Learning the Latent Causal Structure for Modeling Label Noise

Authors: Yexiong Lin, Yu Yao, Tongliang Liu

NeurIPS 2024 | Conference PDF | Archive PDF | Plain Text | LLM Run Details

Reproducibility Variable Result LLM Response
Research Type Experimental In this section, we report the experiment results of our method. We first compare the effectiveness of the proposed data-generating process with existing methods.
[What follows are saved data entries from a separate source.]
(* For every positive integer $n$, the number $v(n)$ is odd.
   Context: Let $A$ be a finite set of $n$ candidates. A voter is a linear order (ranking) of $A$, written as a permutation $x_1x_2\cdots x_n$ of $A$, meaning the voter prefers $x_i$ to $x_j$ iff $i<j$. A set of voters is a nonempty finite multiset of voters (several voters may have the same ranking). A strong preference pattern on $A$ is a tournament $T$ on vertex set $A$ (for each pair of distinct $a,b\in A$ exactly one of the arcs $(a,b)$, $(b,a)$ is present). A set of voters $U$ generates $T$ if for every pair of distinct candidates $a,b$, the arc $(a,b)$ is in $T$ if and only if strictly more voters of $U$ rank $a$ above $b$ than rank $b$ above $a$ (so in particular no pair is tied). For a tournament $T$, $v(T)$ denotes the minimum size of a set of voters generating $T$, and $v(n)=\max\{v(T): T \text{ a tournament on } n \text{ vertices}\}$. *)

From mathcomp Require Import all_boot all_fingroup.
Set Implicit Arguments. Unset Strict Implicit. Unset Printing Implicit Defensive.

(* A voter (linear order on 'I_n) is encoded by its rank
   permutation r : {perm 'I_n}; r a is the position of candidate a
   (position 0 = most preferred). *)
Definition voter (n : nat) := {perm 'I_n}.

Definition prefers (n : nat) (a b : 'I_n) (r : voter n) : bool := r a < r b.

Definition tournament (n : nat) (T : rel 'I_n) : Prop :=
  (forall a, ~~ T a a) /\ (forall a b, a != b -> T a b = ~~ T b a).

(* A set of voters is a nonempty finite multiset, i.e. a nonempty seq. *)
Definition generates (n : nat) (U : seq (voter n)) (T : rel 'I_n) : Prop :=
  0 < size U /\
  forall a b : 'I_n, a != b ->
    T a b = (count (prefers b a) U < count (prefers a b) U).

Definition is_vT (n : nat) (T : rel 'I_n) (k : nat) : Prop :=
  (exists U : seq (voter n), generates U T /\ size U = k) /\
  (forall U : seq (voter n), generates U T -> k <= size U).

Definition is_vn (n : nat) (m : nat) : Prop :=
  (exists T : rel 'I_n, tournament T /\ is_vT T m) /\
  (forall (T : rel 'I_n) (k : nat), tournament T -> is_vT T k -> k <= m).

From mathcomp Require Import all_boot all_fingroup.
From mathcomp Require Import zify.
From Stdlib Require Import Classical.
From Stdlib Require Wf_nat.

Set Implicit Arguments.
Unset Strict Implicit.
Unset Printing Implicit Defensive.

(* With an even number of voters, the two counts for a pair of candidates have
   the same parity; as a tournament has no ties, every majority then has margin
   at least two and survives the removal of any one voter.  So a minimum
   generating set is odd, i.e. v(T) is odd for every T.  The maximum v(n) exists
   because, by McGarvey's construction, every tournament on n candidates is
   generated by at most 2 + 2 n^2 voters: a voter and its reversal, and for each
   arc (a, b) a voter who puts a, b on top together with its reversal modified to
   keep a above b; such a pair votes twice for a over b and splits evenly on every
   other pair. *)

Lemma exists_least_nat (P : nat -> Prop) :
  (exists k, P k) -> exists m, P m /\ forall k, P k -> m <= k.
Proof.
move=> exP.
have [m [[Pm m_min] _]] :=
  @Wf_nat.dec_inh_nat_subset_has_unique_least_element P (fun k => classic (P k)) exP.
by exists m; split=> // k /m_min /leP.
Qed.

Lemma exists_greatest_nat (P : nat -> Prop) (B : nat) :
  (exists k, P k) -> (forall k, P k -> k <= B) ->
  exists m, P m /\ forall k, P k -> k <= m.
Proof.
move=> [k Pk] le_B.
have [j [Pj j_min]] : exists j, P (B - j) /\ forall i, P (B - i) -> j <= i.
  by apply: exists_least_nat; exists (B - k); rewrite subKn ?le_B.
exists (B - j); split=> // i Pi.
have := j_min (B - i); rewrite subKn ?le_B // => /(_ Pi).
have := le_B _ Pi; lia.
Qed.

Lemma prefers_swap n (x y : 'I_n) (r : voter n) :
  x != y -> prefers y x r = ~~ prefers x y r.
Proof.
move=> xy; rewrite /prefers.
have : nat_of_ord (r x) != r y by rewrite val_eqE (inj_eq perm_inj).
by case: ltngtP.
Qed.

Lemma count_prefers_swap n (x y : 'I_n) (s : seq (voter n)) :
  x != y -> count (prefers x y) s + count (prefers y x) s = size s.
Proof.
move=> xy; elim: s => [|r s IH] //=.
by rewrite (prefers_swap r xy); case: (prefers x y r) IH => /=; lia.
Qed.

Lemma generates_no_tie n (T : rel 'I_n) U x y : tournament T -> generates U T ->
  x != y -> count (prefers x y) U != count (prefers y x) U.
Proof.
move=> [_ T_asym] [_ gen_U] xy; have yx : y != x by rewrite eq_sym.
have := T_asym x y xy; rewrite (gen_U x y xy) (gen_U y x yx).
by case: ltngtP.
Qed.

Lemma generates_behead n (T : rel 'I_n) u U : tournament T ->
  generates (u :: U) T -> odd (size U) -> generates U T.
Proof.
move=> tour_T gen_uU odd_U; split; first by case: (size U) odd_U.
move=> x y xy; case: (gen_uU) => _ /(_ x y xy) ->.
have := generates_no_tie tour_T gen_uU xy; rewrite /= (prefers_swap u xy).
rewrite -(count_prefers_swap U xy) in odd_U; move: odd_U.
case: (prefers x y u) => /=; move: (count _ U) (count _ U) => a b odd_ab tie;
  apply/idP/idP; lia.
Qed.

Lemma is_vT_odd n (T : rel 'I_n) k : tournament T -> is_vT T k -> odd k.
Proof.
move=> tour_T [[[|u U] [gen_uU <-]] vT_min]; first by case: gen_uU.
apply: contraT => /= even_U.
have := vT_min U (generates_behead tour_T gen_uU (negbNE even_U)) => /=; lia.
Qed.

Lemma exists_is_vT n (T : rel 'I_n) U : generates U T -> exists k, is_vT T k.
Proof.
move=> gen_U.
have [k [[V [gen_V <-]] V_min]] :=
  @exists_least_nat (fun k => exists V, generates V T /\ size V = k)
    (ex_intro _ _ (ex_intro _ U (conj gen_U erefl))).
by exists (size V); split=> [|W gen_W]; [exists V | apply: V_min; exists W].
Qed.

Definition rev_perm n : {perm 'I_n} := perm (@rev_ord_inj n).

Lemma rev_permE n (i : 'I_n) : rev_perm n i = rev_ord i.
Proof. exact: permE. Qed.

Lemma ltn_rev_ord n (i j : 'I_n) : (rev_ord i < rev_ord j) = (j < i).
Proof. by rewrite /= ltn_sub2lE ?ltnS ?ltn_ord. Qed.

Lemma tperm_succ_ltn n (p q u v : 'I_n) : q = p.+1 :> nat ->
  (u, v) != (p, q) -> (u, v) != (q, p) -> u != v ->
  (tperm p q u < tperm p q v) = (u < v).
Proof.
move=> qE; rewrite !xpair_eqE.
by case: tpermP => [->|->|/eqP + /eqP +]; case: tpermP => [->|->|/eqP + /eqP +];
  rewrite -!val_eqE /=; lia.
Qed.

Definition arcs n (T : rel 'I_n) : seq ('I_n * 'I_n) :=
  enum [pred ab : 'I_n * 'I_n | T ab.1 ab.2].

Lemma count_arcs n (T : rel 'I_n) x y : count (pred1 (x, y)) (arcs T) = T x y.
Proof. by rewrite count_uniq_mem ?enum_uniq // mem_enum. Qed.

Lemma arcs_offdiag n (T : rel 'I_n) : (forall a, ~~ T a a) ->
  all (fun ab : 'I_n * 'I_n => ab.1 != ab.2) (arcs T).
Proof.
move=> T_irr; apply/allP => -[a b]; rewrite mem_enum /=.
by apply: contraTN => /eqP ->; rewrite T_irr.
Qed.

Section McGarvey.
Variable m : nat.
Local Notation n := m.+2.

Let first : 'I_n := ord0.
Let second : 'I_n := Ordinal (isT : 1 < n).

Definition lead_voter (a b : 'I_n) : voter n :=
  (tperm a first * tperm (tperm a first b) second)%g.

(* Reverses lead_voter a b except on the pair {a, b}: a and b end up at the
   bottom, still with a above b. *)
Definition trail_voter (a b : 'I_n) : voter n :=
  (lead_voter a b * rev_perm n * tperm (rev_ord second) (rev_ord first))%g.

Lemma lead_voter_l a b : a != b -> lead_voter a b a = first.
Proof.
move=> ab; rewrite permM tpermL (@tpermD _ _ second) //.
by rewrite -[X in _ != X](tpermL a first) (inj_eq perm_inj) eq_sym.
Qed.

Lemma lead_voter_r a b : lead_voter a b b = second.
Proof. by rewrite permM tpermL. Qed.

Lemma trail_voterE a b x : trail_voter a b x =
  tperm (rev_ord second) (rev_ord first) (rev_ord (lead_voter a b x)).
Proof. by rewrite /trail_voter !permM rev_permE. Qed.

Lemma prefers_arc_pair a b x y : a != b -> x != y ->
  prefers x y (lead_voter a b) + prefers x y (trail_voter a b) + ((x, y) == (b, a))
  = 1 + ((x, y) == (a, b)).
Proof.
move=> ab xy; have [[-> ->]|not_ab] := eqVneq (x, y) (a, b).
  rewrite /prefers !trail_voterE xpair_eqE (negbTE ab) lead_voter_l ?lead_voter_r //.
  by rewrite tpermL tpermR ltn_rev_ord.
have [ba|not_ba] := eqVneq (x, y) (b, a).
  case: ba => -> ->; rewrite /prefers !trail_voterE lead_voter_l ?lead_voter_r //.
  by rewrite tpermL tpermR /=; lia.
have rev_lead_pair c d e f :
    ((rev_ord (lead_voter a b c), rev_ord (lead_voter a b d))
      == (rev_ord (lead_voter a b e), rev_ord (lead_voter a b f))) = ((c, d) == (e, f)).
  by rewrite !xpair_eqE !(inj_eq rev_ord_inj) !(inj_eq perm_inj).
have trail_swap : prefers x y (trail_voter a b) = prefers y x (lead_voter a b).
  rewrite /prefers !trail_voterE tperm_succ_ltn ?ltn_rev_ord //.
  - by rewrite /=; lia.
  - by rewrite -(lead_voter_l ab) -(lead_voter_r a b) rev_lead_pair.
  - by rewrite -(lead_voter_l ab) -(lead_voter_r a b) rev_lead_pair.
  - by rewrite (inj_eq rev_ord_inj) (inj_eq perm_inj).
by rewrite trail_swap (prefers_swap _ xy); case: prefers.
Qed.

Definition arc_voters (s : seq ('I_n * 'I_n)) : seq (voter n) :=
  flatten [seq [:: lead_voter ab.1 ab.2; trail_voter ab.1 ab.2] | ab <- s].

Lemma size_arc_voters s : size (arc_voters s) = 2 * size s.
Proof. by elim: s => //= ab s IH; rewrite IH mulnS. Qed.

Lemma count_prefers_arc_voters s x y :
  x != y -> all (fun ab : 'I_n * 'I_n => ab.1 != ab.2) s ->
  count (prefers x y) (arc_voters s) + count (pred1 (y, x)) s
  = size s + count (pred1 (x, y)) s.
Proof.
move=> xy; elim: s => //= -[a b] s IH /andP[/= ab /IH {}IH].
have -> : ((a, b) == (y, x)) = ((x, y) == (b, a)).
  by rewrite !xpair_eqE andbC ![b == _]eq_sym ![a == _]eq_sym.
have -> : ((a, b) == (x, y)) = ((x, y) == (a, b)) by rewrite eq_sym.
have := prefers_arc_pair ab xy; rewrite -/(arc_voters s).
by set ba := (_ == (b, a)); set ab' := (_ == (a, b)); lia.
Qed.

Definition mcgarvey_profile (T : rel 'I_n) : seq (voter n) :=
  1%g :: rev_perm n :: arc_voters (arcs T).

Lemma mcgarvey_profile_generates T : tournament T -> generates (mcgarvey_profile T) T.
Proof.
move=> [T_irr T_asym]; split=> // x y xy.
have yx : y != x by rewrite eq_sym.
have offdiag := arcs_offdiag T_irr.
have := count_prefers_arc_voters xy offdiag.
have := count_prefers_arc_voters yx offdiag.
rewrite /= !count_arcs /prefers !rev_permE !perm1 !ltn_rev_ord.
have := T_asym x y xy; have : nat_of_ord x != y by [].
by case: (T x y); case: (T y x) => //=; lia.
Qed.

Lemma size_mcgarvey_profile T : size (mcgarvey_profile T) <= 2 + 2 * n ^ 2.
Proof.
rewrite /= size_arc_voters /arcs -cardE.
have := max_card [pred ab : 'I_n * 'I_n | T ab.1 ab.2].
by rewrite card_prod card_ord; lia.
Qed.
End McGarvey.

Lemma tournament_generated_bounded n : exists B, forall T : rel 'I_n,
  tournament T -> exists U, generates U T /\ size U <= B.
Proof.
case: n => [|[|m]]; last first.
  exists (2 + 2 * m.+2 ^ 2) => T tour_T; exists (mcgarvey_profile T).
  by split; [apply: mcgarvey_profile_generates | apply: size_mcgarvey_profile].
all: exists 1 => T _; exists [:: 1%g]; do 2!split=> //.
all: by move=> [[|a] ha] [[|b] hb].
Qed.

Lemma ltn_tournament n : tournament (fun a b : 'I_n => a < b).
Proof.
split=> [a|a b]; first by rewrite ltnn.
by rewrite -val_eqE; case: ltngtP.
Qed.

Theorem lemma1 (n : nat) : 0 < n -> exists m : nat, is_vn n m /\ odd m.
Proof.
move=> _; have [B bounded] := tournament_generated_bounded n.
have vT_le_B k : (exists T : rel 'I_n, tournament T /\ is_vT T k) -> k <= B.
  move=> [T [tour_T [_ vT_min]]]; have [U [gen_U size_U]] := bounded T tour_T.
  exact: leq_trans (vT_min U gen_U) size_U.
have [k vT_k] : exists k, is_vT (fun a b : 'I_n => a < b) k.
  by have [U [gen_U _]] := bounded _ (ltn_tournament n); apply: exists_is_vT gen_U.
have [v [[T [tour_T vT_v]] v_max]] := exists_greatest_nat
  (ex_intro _ k (ex_intro _ _ (conj (ltn_tournament n) vT_k))) vT_le_B.
exists v; split; last exact: is_vT_odd tour_T vT_v.
by split=> [|T' k' tour_T' vT_k']; [exists T | apply: v_max; exists T'].
Qed.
We then compare the estimation error of noise transition matrices with other methods and the classification performance of the proposed method with that of state-of-the-art methods on synthetic and real-world noisy datasets.
Researcher Affiliation Academia Yexiong Lin Yu Yao Tongliang Liu Sydney AI Centre, The University of Sydney
Pseudocode Yes Algorithm 1 CSGN
Open Source Code Yes The code is available at: https://github.com/tmllab/2024_NeurIPS_CSGN.
Open Datasets Yes We empirically verify the performance of our method on three synthesis datasets, i.e., Fashion-MNIST [51], CIFAR-10 [26], CIFAR-100 [26], and two real-world datasets, i.e., CIFAR-N [48] and Webvision [29].
Dataset Splits Yes We follow the previous work [7] to train the model on the first 50 classes of the Google image subset and test the model on the Web Vision validation set and the Image Net ILSVRC12 validation set.
Hardware Specification Yes We implement our algorithm using PyTorch and conduct experiments on eight RTX-3090 GPUs.
Software Dependencies No The paper mentions using "PyTorch" but does not specify a version number for it or any other software libraries or dependencies used in the experiments.
Experiment Setup Yes The initial learning rate for SGD was set at 0.02 and for Adam at 0.001. Our networks were trained for 200 epochs with a batch size of 64. Both learning rates were reduced by a factor of 10 after 100 epochs. For experiments on Web Vision, we changed the weight decay of SGD to 0.001. The initial learning rate for SGD was set at 0.04 and for Adam at 0.004. Other parameters of optimizers remain unchanged. Our networks were trained for 80 epochs with a batch size of 16. Both learning rates were reduced by a factor of 10 after 40 epochs.